A RESIDENT battling cancer was discharged from Bahrain’s main hospital, despite doctors calling for “close medical care”, because he did not have legal residency documents, it has emerged.
Rajanna Chandanam, who was kept at the Salmaniya Medical Complex (SMC) accident and emergency during the weekend, was discharged on Sunday.
He was also reportedly discharged because of a rush at the emergency where, according to informed sources, more than 80 patients were kept waiting due to a shortage of beds.
The 48-year-old Indian, who is suffering from third-stage bone-marrow cancer (multiple myeloma), is currently under the care of fellow Indians while waiting for an out-pass to return to India.
“The man was brought to SMC on Thursday night by social workers,” a source at SMC told the GDN.
“Surprisingly, he was documented as ‘vagabond, found on the road’.
“He is critical and needs close medical care; chances of him surviving are otherwise very low.
“He could not be admitted as he had no legal residency documents,” said the medic.
“Moreover, the emergency was crowded with almost 80 patients who were kept waiting due to a shortage of beds in the wards and this contributed to Mr Chandanam being discharged.”
The GDN reported last week that 110 patients were kept waiting at the SMC emergency as they could not be transferred to wards because of a shortage of beds.
Meanwhile, Migrant Workers Protection Society chairwoman Marietta Dias who reported the case to the Indian Embassy said she was disappointed at the way Mr Chandanam was treated.
“I was informed about him by a doctor in a private clinic who was treating him. I took him to SMC on March 5 where they gave him medicines but was not admitted as he did not have a CPR,” Ms Dias told the GDN.

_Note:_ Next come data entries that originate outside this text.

(* Take zero means and covariances diag(s^2, 1, ..., 1).  The density then
   factors into the N(0, s^2) density of the first coordinate times standard
   normal densities of the others; these cancel in the log-ratio and integrate
   to 1, so d_Jeff reduces to the one-dimensional
     d_Jeff(N(0, s^2), N(0, t^2)) = (s^2/t^2 + t^2/s^2 - 2) m / 2,
   where m is the second moment of N(0, 1) (it equals 1, but only 0 < m < +oo
   is needed; the second moment of N(0, s^2) is s^2 m by scaling).  For
   s^2 = 1, 4, 16 and c = (1, -2, 1) the quadratic form is -(81/16) m < 0. *)

From Pilot Require Import Defs.
From HB Require Import structures.
From mathcomp Require Import all_boot all_order all_algebra.
From mathcomp Require Import all_classical all_reals all_analysis.
From mathcomp Require Import measurable_realfun ring lra.
Set Implicit Arguments.
Unset Strict Implicit.
Unset Printing Implicit Defensive.
Import Order.TTheory GRing.Theory Num.Theory.
Local Open Scope ring_scope.

Lemma sqrtrX (F : rcfType) (a : F) k : 0 <= a ->
  Num.sqrt (a ^+ k) = Num.sqrt a ^+ k.
Proof.
by move=> a_ge0; elim: k => [|k IHk]; rewrite ?sqrtr1 // !exprS sqrtrM ?IHk.
Qed.

Section centered_normal.
Variable R : realType.
Local Notation mu := (@lebesgue_measure R).
Local Notation npdf := (@normal_distribution.normal_pdf R 0).

Lemma npdfE (s x : R) : s != 0 ->
  npdf s x = normal_peak s * expR (- x ^+ 2 / (s ^+ 2 *+ 2)).
Proof. by move=> s0; rewrite normal_pdfE // /normal_fun subr0. Qed.

Lemma npdf_gt0 (s x : R) : s != 0 -> 0 < npdf s x.
Proof. by move=> s0; rewrite npdfE // mulr_gt0 ?normal_peak_gt0 ?expR_gt0. Qed.

Lemma ln_npdf (s x : R) : s != 0 ->
  ln (npdf s x) = ln (normal_peak s) - x ^+ 2 / (s ^+ 2 *+ 2).
Proof.
move=> s0; rewrite npdfE // lnM ?posrE ?normal_peak_gt0 ?expR_gt0 //.
by rewrite expRK mulNr.
Qed.

Lemma normal_peakM (s : R) : 0 < s -> normal_peak s * s = normal_peak 1.
Proof.
move=> s0; rewrite /normal_peak -!mulrnAr expr1n mul1r sqrtrM ?sqr_ge0 //.
by rewrite sqrtr_sqr gtr0_norm // invfM mulrAC mulVf ?mul1r // gt_eqF.
Qed.

Lemma sqr_npdf_ge0 (s x : R) : 0 <= x ^+ 2 * npdf s x.
Proof. by rewrite mulr_ge0 ?sqr_ge0 ?normal_pdf_ge0. Qed.

Lemma measurable_sqr_npdf (s : R) :
  measurable_fun setT (fun x : R => (x ^+ 2 * npdf s x)%:E).
Proof.
apply/measurable_EFinP/measurable_funM; first exact: measurable_funX.
exact: measurable_normal_pdf.
Qed.

Definition normal_moment2 (s : R) : \bar R :=
  (\int[mu]_x (x ^+ 2 * npdf s x)%:E)%E.

Lemma normal_moment2_scale (s : R) : 0 < s ->
  normal_moment2 s = ((s ^+ 2)%:E * normal_moment2 1)%E.
Proof.
move=> s0; have sN0 : s != 0 by rewrite gt_eqF.
have dscale : (fun y : R^o => y * s)^`()%classic = cst s.
  apply/funext => x; rewrite derive1E deriveM // derive_id derive_cst.
  by rewrite scaler0 add0r; apply: mulr1.
rewrite /normal_moment2.
rewrite (@increasing_ge0_integration_by_substitutionT _ (fun y : R^o => y * s)).
- rewrite dscale -ge0_integralZl //; last by rewrite lee_fin sqr_ge0.
  + apply: eq_integral => x _; rewrite -EFinM; congr EFin.
    rewrite !fctE !npdfE ?oner_neq0 // -(normal_peakM s0).
    have -> : - (x * s) ^+ 2 / (s ^+ 2 *+ 2) = - x ^+ 2 / (1 ^+ 2 *+ 2).
      by field.
    ring.
  + exact: measurable_sqr_npdf.
  + by move=> x _; rewrite lee_fin sqr_npdf_ge0.
- by move=> x y; rewrite ltr_pM2r.
- by rewrite dscale => x; exact: cvg_cst.
- by rewrite dscale; exact: is_cvg_cst.
- by rewrite dscale; exact: is_cvg_cst.
- by move=> x; apply: derivableM.
- by apply: gt0_cvgMlNy => //; exact: cvg_id.
- by apply: gt0_cvgMly => //; exact: cvg_id.
- move=> x; apply: cvgM; first exact: sqr_continuous.
  exact: continuous_normal_pdf.
- by move=> x; exact: sqr_npdf_ge0.
Qed.

Lemma sqr_expR_le (x : R) :
  x ^+ 2 * expR (- x ^+ 2 / 2) <= 8 * expR (- x ^+ 2 / 8).
Proof.
have sqr_le : x ^+ 2 <= 8 * expR (x ^+ 2 / 8).
  by have := expR_ge1Dx (x ^+ 2 / 8); lra.
have expR_le : expR (x ^+ 2 / 8) * expR (- x ^+ 2 / 2) <= expR (- x ^+ 2 / 8).
  by rewrite -expRD ler_expR; have := sqr_ge0 x; lra.
apply: (le_trans (ler_wpM2r (expR_ge0 _) sqr_le)).
by rewrite -mulrA ler_wpM2l.
Qed.

Lemma normal_moment2_1_lty : (normal_moment2 1 < +oo)%E.
Proof.
pose C : R := 8 * normal_peak 1 / normal_peak 2.
have sqr_npdf1_le x : x ^+ 2 * npdf 1 x <= C * npdf 2 x.
  rewrite !npdfE ?oner_neq0 ?pnatr_eq0 // expr1n.
  have -> : (2 : R) ^+ 2 *+ 2 = 8 by rewrite -mulr_natr; ring.
  have -> : C * (normal_peak 2 * expR (- x ^+ 2 / 8)) =
            normal_peak 1 * (8 * expR (- x ^+ 2 / 8)).
    by rewrite /C; field; rewrite gt_eqF // normal_peak_gt0 // pnatr_eq0.
  by rewrite mulrCA ler_wpM2l ?normal_peak_ge0 // sqr_expR_le.
apply: (@le_lt_trans _ _ (\int[mu]_x (C%:E * (npdf 2 x)%:E))%E).
  apply: ge0_le_integral => //.
  - by move=> x _; rewrite lee_fin sqr_npdf_ge0.
  - exact: measurable_sqr_npdf.
  - apply: emeasurable_funM => //.
    by apply/measurable_EFinP; exact: measurable_normal_pdf.
  - by move=> x _; rewrite -EFinM lee_fin.
by rewrite integralZl ?integrable_normal_pdf // integral_normal_pdf mule1 ltry.
Qed.

Lemma normal_moment2_1_gt0 : (0 < normal_moment2 1)%E.
Proof.
pose c : R := normal_peak 1 * expR (-2).
have c_gt0 : 0 < c by rewrite mulr_gt0 ?expR_gt0 ?normal_peak_gt0 ?oner_neq0.
have c_le x : 1 <= x <= 2 -> c <= x ^+ 2 * npdf 1 x.
  move=> /andP[x1 x2]; rewrite npdfE ?oner_neq0 // expr1n mulrCA /c.
  rewrite ler_wpM2l ?normal_peak_ge0 // -[leLHS]mul1r.
  apply: ler_pM; rewrite ?expR_ge0 //; first by nra.
  by rewrite ler_expR; nra.
apply: (@lt_le_trans _ _
    (\int[mu]_(x in `[1%R, 2%R]) (x ^+ 2 * npdf 1 x)%:E)%E).
  apply: (@lt_le_trans _ _ (\int[mu]_(x in `[1%R, 2%R]) c%:E)%E).
    rewrite integral_cst //= lebesgue_measure_itv /= lte_fin ltr1n.
    by rewrite -EFinD -EFinM lte_fin mulr_gt0 // subr_gt0 ltr1n.
  apply: ge0_le_integral.
  - exact: measurable_itv.
  - by move=> x _; rewrite lee_fin ltW.
  - exact: measurable_cst.
  - by apply: measurable_funTS; exact: measurable_sqr_npdf.
  - by move=> x; rewrite /= in_itv /= lee_fin => /c_le.
apply: ge0_subset_integral => //; first exact: measurable_sqr_npdf.
by move=> x _; rewrite lee_fin sqr_npdf_ge0.
Qed.

Definition std_moment2 : R := fine (normal_moment2 1).

Lemma normal_moment2_1E : normal_moment2 1 = std_moment2%:E.
Proof.
rewrite fineK // ge0_fin_numE ?normal_moment2_1_lty //.
exact: ltW normal_moment2_1_gt0.
Qed.

Lemma std_moment2_gt0 : 0 < std_moment2.
Proof. by rewrite -lte_fin -normal_moment2_1E normal_moment2_1_gt0. Qed.

Lemma normal_moment2E (s : R) : 0 < s ->
  normal_moment2 s = (s ^+ 2 * std_moment2)%:E.
Proof. by move=> s0; rewrite normal_moment2_scale // normal_moment2_1E. Qed.

Lemma integrable_sqr_npdf (s : R) : 0 < s ->
  mu.-integrable setT (fun x => (x ^+ 2 * npdf s x)%:E).
Proof.
move=> s0; apply/integrableP; split; first exact: measurable_sqr_npdf.
under eq_integral => x _ do rewrite gee0_abs ?lee_fin ?sqr_npdf_ge0 //.
by rewrite -/(normal_moment2 s) normal_moment2E // ltry.
Qed.

Definition normal_KL (s t : R) : \bar R :=
  (\int[mu]_x (npdf s x * ln (npdf s x / npdf t x))%:E)%E.

Lemma normal_KLE (s t : R) : 0 < s -> 0 < t ->
  normal_KL s t = (ln (normal_peak s) - ln (normal_peak t) +
    (1 / (t ^+ 2 *+ 2) - 1 / (s ^+ 2 *+ 2)) * (s ^+ 2 * std_moment2))%:E.
Proof.
move=> s0 t0; have [sN0 tN0] : s != 0 /\ t != 0 by rewrite !gt_eqF.
pose a := ln (normal_peak s) - ln (normal_peak t).
pose b := 1 / (t ^+ 2 *+ 2) - 1 / (s ^+ 2 *+ 2).
have integrandE x : npdf s x * ln (npdf s x / npdf t x) =
    a * npdf s x + b * (x ^+ 2 * npdf s x).
  rewrite ln_div ?posrE ?npdf_gt0 // !ln_npdf //.
  by rewrite /a /b; field; rewrite sN0 tN0.
rewrite /normal_KL.
under eq_integral => x _ do rewrite integrandE EFinD (EFinM a) (EFinM b).
rewrite integralD ?integrableZl ?integrable_normal_pdf ?integrable_sqr_npdf //.
rewrite !integralZl ?integrable_normal_pdf ?integrable_sqr_npdf //.
rewrite integral_normal_pdf -/(normal_moment2 s) normal_moment2E //.
by rewrite mule1 -EFinM.
Qed.

End centered_normal.

Section diagonal_covariance.
Variable R : realType.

“I started working on a way to send him home but the following day I learnt he was missing.
“On Thursday, we found him in a park in Manama and I reported the matter to the embassy.
“He was taken to SMC again, then how can he be recorded as a vagabond and as found on the road?

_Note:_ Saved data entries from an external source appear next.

Lemma size_fmul u v : size (fmul u v) <= size u + size v.
Proof. by rewrite -size_cat size_reduce. Qed.

Lemma size_subst f c w : (forall b, size (f b) <= c) -> size (subst f w) <= c * size w.
Proof.
move=> f_c; apply: leq_trans (size_reduce _) _.
elim: w => [|x w IH] //=; rewrite size_cat mulnS leq_add //.
by case: x.2; rewrite ?size_rev ?size_map f_c.
Qed.

Lemma size_iter_subst f c j w : (forall b, size (f b) <= c) ->
  size (iter j (subst f) w) <= c ^ j * size w.
Proof.
move=> f_c; elim: j => [|j IH] /=; first by rewrite mul1n.
by rewrite expnS -mulnA (leq_trans (size_subst _ f_c)) // leq_mul2l IH orbT.
Qed.

Lemma size_phiZ_letter k x : size (phiZ k [:: x]) <= 3 ^ Z.abs_nat k.
Proof.
rewrite /phiZ; case: ifP => /Z.leb_spec0 k_ge0.
- rewrite (_ : Z.abs_nat k = Z.to_nat k); last by lia.
  by rewrite -[3 ^ _]muln1 size_iter_subst //; case.
- rewrite (_ : Z.abs_nat k = Z.to_nat (- k)); last by lia.
  by rewrite -[3 ^ _]muln1 size_iter_subst //; case.
Qed.

Lemma size_foldl_astep w u k :
  size (foldl astep (u, k) w).1 <= size u + size w * 3 ^ (Z.abs_nat k + size w).
Proof.
elim: w u k => [|[[c|] s] w IH] u k /=; first exact: leq_addr.
- apply: leq_trans (IH _ _) _; rewrite mulSn addnA leq_add ?leq_mul ?leq_pexp2l //.
  + apply: leq_trans (size_fmul _ _) _; rewrite leq_add2l.
    by apply: leq_trans (size_phiZ_letter _ _) _; rewrite leq_pexp2l // leq_addr.
  + by rewrite addnS.
- apply: leq_trans (IH _ _) _; rewrite mulSn leq_add2l (leq_trans _ (leq_addl _ _)) //.
  by rewrite leq_mul // leq_pexp2l //; case: s; lia.
Qed.

Lemma size_evalA w : size (evalA w).1 <= size w * 3 ^ size w.
Proof. exact: size_foldl_astep. Qed.

Lemma mem_words n w : (w \in words n) = (size w == n).
Proof.
elim: n w => [|n IH] w; first by case: w.
have -> : words n.+1 = [seq y :: v | y <- talphabet, v <- words n] by [].
apply/allpairsP/idP => [[[y v] [_ /= v_n ->]]|]; first by rewrite /= eqSS -IH.
case: w => // x w; rewrite eqSS -IH => w_n.
by exists (x, w); case: x => [[[]|] []].
Qed.

Lemma mem_words_upto n w :
  (w \in flatten [seq words k | k <- iota 0 n.+1]) = (size w <= n).
Proof.
apply/flatten_mapP/idP => [[k] | w_n]; first by rewrite mem_iota mem_words => k_n /eqP ->.
by exists (size w); rewrite ?mem_iota ?mem_words.
Qed.

Lemma DistN_leP n m :
  reflect (forall w, size w <= n -> Z.eqb (evalA w).2 0 -> lenR (evalA w).1 <= m)
          (DistN n <= m).
Proof.
rewrite /DistN foldrE big_map big_filter.
apply: (iffP (bigmax_leqP_seq _ _ _ _)) => le_m w.
  by rewrite -mem_words_upto; apply: le_m.
by rewrite mem_words_upto; apply: le_m.
Qed.

Lemma DistN_ge n w :
  size w <= n -> Z.eqb (evalA w).2 0 -> lenR (evalA w).1 <= DistN n.
Proof. by move=> w_n w0; move/DistN_leP: (leqnn (DistN n)); apply. Qed.

Lemma DistN_mono n m : n <= m -> DistN n <= DistN m.
Proof.
move=> n_m; apply/DistN_leP => w w_n; apply: DistN_ge.
exact: leq_trans n_m.
Qed.

Lemma mul_pow3_le_pow8 n : n * 3 ^ n <= 8 ^ n.
Proof.
case: n => // n; rewrite (_ : 8 = 2 * 4) // expnMn.
by rewrite leq_mul ?leq_exp2r // ltnW // ltn_expl.
Qed.

Lemma DistN_le_pow8 n : DistN n <= 8 ^ n.
Proof.
apply/DistN_leP => w w_n _; apply: leq_trans (size_reduce _) _.
apply: leq_trans (size_evalA _) _; apply: leq_trans (mul_pow3_le_pow8 _) _.
exact: leq_pexp2l.
Qed.

Definition positive (w : seq letter) := all (fun x : letter => ~~ x.2) w.

Definition phi_flat (w : seq letter) := flatten [seq phi_gen x.1 | x <- w].

Definition count_a (w : seq letter) := count (fun x : letter => ~~ x.1) w.
Definition count_b (w : seq letter) := count (fun x : letter => x.1) w.

Lemma reduce_positive w : positive w -> reduce w = w.
Proof.
elim: w => [|x w IH] // /andP [x_pos w_pos]; rewrite reduce_cons IH //.
case: w w_pos {IH} => [|y r] //= /andP [y_pos _].
by case: ifP => // /eqP y_inv; move: y_pos; rewrite y_inv /= x_pos.
Qed.

Lemma positive_phi_flat w : positive (phi_flat w).
Proof. by elim: w => [|[[] s] w IH] //=; rewrite /positive all_cat IH. Qed.

Lemma phi_positive w : positive w -> phi w = phi_flat w.
Proof.
move=> /allP w_pos; rewrite /phi /subst.
rewrite -[phi_flat w]reduce_positive ?positive_phi_flat //.
by congr (reduce (flatten _)); apply/eq_in_map => x /w_pos; case: x.2.
Qed.

Lemma size_count_ab w : size w = count_a w + count_b w.
Proof. by rewrite addnC count_predC. Qed.

Lemma count_a_phi_flat w : count_a (phi_flat w) = 2 * count_a w + count_b w.
Proof. by elim: w => [|[[] s] w IH] //=; rewrite -/(phi_flat w) IH; lia. Qed.

Lemma count_b_phi_flat w : count_b (phi_flat w) = count_a w.
Proof. by elim: w => [|[[] s] w IH] //=; rewrite -/(phi_flat w) IH; lia. Qed.

Lemma rev_phi_flat w : rev (phi_flat w) = phi_flat (rev w).
Proof.
elim: w => [|x w IH] //=.
by rewrite rev_cat IH rev_cons /phi_flat map_rcons flatten_rcons; case: x.1.
Qed.

Definition phi_iter_a m := iter m phi [:: la].

Lemma positive_phi_iter_a m : positive (phi_iter_a m).
Proof.
by elim: m => [|m IH] //; rewrite /phi_iter_a iterS phi_positive ?positive_phi_flat.
Qed.

Lemma phi_iter_aS m : phi_iter_a m.+1 = phi_flat (phi_iter_a m).
Proof. exact/phi_positive/positive_phi_iter_a. Qed.

Lemma reduce_phi_iter_a m : reduce (phi_iter_a m) = phi_iter_a m.
Proof. exact/reduce_positive/positive_phi_iter_a. Qed.

Lemma lenR_phi_iter_a m : lenR (phi_iter_a m) = size (phi_iter_a m).
Proof. by rewrite /lenR reduce_phi_iter_a. Qed.

Lemma count_b_le_count_a_phi_iter_a m :
  count_b (phi_iter_a m) <= count_a (phi_iter_a m).
Proof.
by elim: m => [|m IH] //; rewrite phi_iter_aS count_a_phi_flat count_b_phi_flat; lia.
Qed.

“I learn that SMC could not keep him due to his illegal status and he is now in labour accommodation.”
Ms Dias said that the embassy has agreed to issue him an out-pass.
“Apparently, he had taken an out-pass from the embassy in 2015 but did not return to India.”
The only men’s shelter in Bahrain under the Labour Market Regulatory Authority (LMRA) at its Expat Protection Centre located in Sehla does not accept medical cases.
“The LMRA shelter is for people who are illegal and fighting a legal case,” said a source at the embassy.
“Mr Chandanam needs medical care and unfortunately the shelter doesn’t take in such cases.
“We cannot force SMC to admit him, as he has no CPR.
“As per records the man is illegal since 2009 and had taken an out-pass earlier.”